I ran a quiz last night in Runnymede, which is where the Magna Carta was signed. The hotel where the quiz was being held is right on the river Thames, and the client arranged for my assistant Lydia and me to eat like King John himself. They have a sort of posh eat-all-you-can-eat buffet there, full of the most delicious food, which you eat while watching the river gently flowing towards central London. I have seldom eaten such wondrous tomatoes. It is hugely rare to find a tasty tomato in this country. There were amazing puddings, a brilliant pasta bar, salads of every description... Lydia and I kept going back for more, not quite believing our luck.
I adore Lydia. She’s always such fun to be around. She’s actually a taxidermist, which I think is really cool and her work is incredibly imaginative. She tells me that her freezer at home is filled to the brim with animals waiting to be stuffed because she finds it very hard to turn the offer of a dead animal down!
Speaking of stuffed animals, Nathan and I spent the whole of Monday up in the loft, sorting through boxes and throwing bin liner after bin liner away.

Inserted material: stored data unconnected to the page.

Lemma omega1_bounds x : omega1 x -> -1 <= x <= 0.
Proof.
  intros [-> | [k ->]]; [lra |].
  pose proof (half_pow_pos k); pose proof (half_pow_le1 k). lra.
Qed.

Lemma nunpair_npair a b : nunpair (npair a b) = (a, b).
Proof. apply Cantor.cancel_of_to. Qed.

(* The ball B(-1, 1 - 2^-j), whose trace on ω+1 is everything below -2^-j. *)
Definition ball_below (j : nat) : nat := npair 1 (npair (2 ^ j - 1) (2 ^ j - 1)).

Lemma in_ball_below j x : in_ball (ball_below j) x <-> omega1 x /\ x < - (/2) ^ j.
Proof.
  unfold in_ball, ball_center, ball_radius, ball_below.
  rewrite !nunpair_npair; simpl fst; simpl snd; rewrite nunpair_npair; simpl fst; simpl snd.
  pose proof (Nat.pow_nonzero 2 j ltac:(lia)).
  replace (S (2 ^ j - 1)) with (2 ^ j)%nat by lia.
  rewrite minus_INR, pow_INR by lia. simpl INR. replace (1 + 1) with 2 by lra.
  replace ((2 ^ j - 1) / 2 ^ j) with (1 - (/2) ^ j)
    by (rewrite pow_inv; field; apply pow_nonzero; lra).
  simpl alpha.
  split; intros [Ho Hx]; split; auto; apply omega1_bounds in Ho.
  - rewrite Rabs_right in Hx; lra.
  - rewrite Rabs_right; lra.
Qed.

Definition tail_set (m : nat) (x : R) : Prop := omega1 x /\ - (/2) ^ m <= x.

Lemma tail_set_min m y : min_rel (tail_set m) y -> y = - (/2) ^ m.
Proof.
  intros [[_ Hy] Hmin].
  assert (Hm : tail_set m (- (/2) ^ m)) by (split; [right; exists m |]; lra).
  specialize (Hmin _ Hm). lra.
Qed.

Lemma tail_set_nonempty m : min_dom (tail_set m).
Proof. exists (- (/2) ^ m). split; [right; exists m |]; lra. Qed.

(* [s] is a prefix, of length [L], of names of every tail set beyond [m]. *)
Definition tail_prefix (s : Baire) (L m : nat) : Prop :=
  forall i, (i < L)%nat -> exists j, (j <= m)%nat /\ s i = ball_below j.

Definition extend_to_tail (s : Baire) (L m : nat) : Baire :=
  fun i => if Nat.ltb i L then s i else ball_below m.

Lemma extend_to_tail_agree s L m : agree (extend_to_tail s L m) s L.
Proof. intros i Hi. unfold extend_to_tail. apply Nat.ltb_lt in Hi. now rewrite Hi. Qed.

Lemma extend_to_tail_prefix s L L' m m' : tail_prefix s L m -> (m <= m')%nat ->
  tail_prefix (extend_to_tail s L m) L' m'.
Proof.
  intros Hs Hm i _. unfold extend_to_tail. destruct (Nat.ltb_spec i L).
  - destruct (Hs i H) as [j [Hj E]]. exists j; split; [lia | auto].
  - exists m; auto.
Qed.

Lemma extend_to_tail_names s L m : tail_prefix s L m ->
  delta_closed_neg (extend_to_tail s L m) (tail_set m).
Proof.
  intros Hs x. unfold tail_set, extend_to_tail. split.
  - intros [Ho Hx]. split; auto. intros i Hb.
    destruct (Nat.ltb_spec i L).
    + destruct (Hs i H) as [j [Hj E]]. rewrite E, in_ball_below in Hb.
      pose proof (half_pow_le j m Hj). lra.
    + apply in_ball_below in Hb. lra.
  - intros [Ho Hi]. split; auto. specialize (Hi L).
    rewrite Nat.ltb_irrefl, in_ball_below in Hi.
    destruct (Rlt_or_le x (- (/2) ^ m)); tauto.
Qed.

There’s a little corner up there where our childhood toys are kept. I wrote about Panda and Horsey in a blog a few days ago. Perhaps it’s a little tragic, but, when we moved in, we sat them all on a little crocheted rug so they’d be nice and comfortable. What neither of us expected was that some awful parasitic creature would get at all the natural fibres in the toys and essentially wreck them. Some were alright. Panda, Horsey and Jemima escaped relatively unscathed, but a little woollen hedgehog which my Grandmother used to keep on the floor in her hallway, had almost turned to dust.
It was Nathan’s toys which were really badly affected. I don’t think I will ever forget the deep pang of pain which surged through my body, as I heard him whimpering, “oh no. Belinda! Belinda!” I turned to see him lovingly cradling a threadbare rabbit. We spent the next ten minutes crying bitter tears which weren’t just about our childhood toys being destroyed, but about being adults in a frightening world.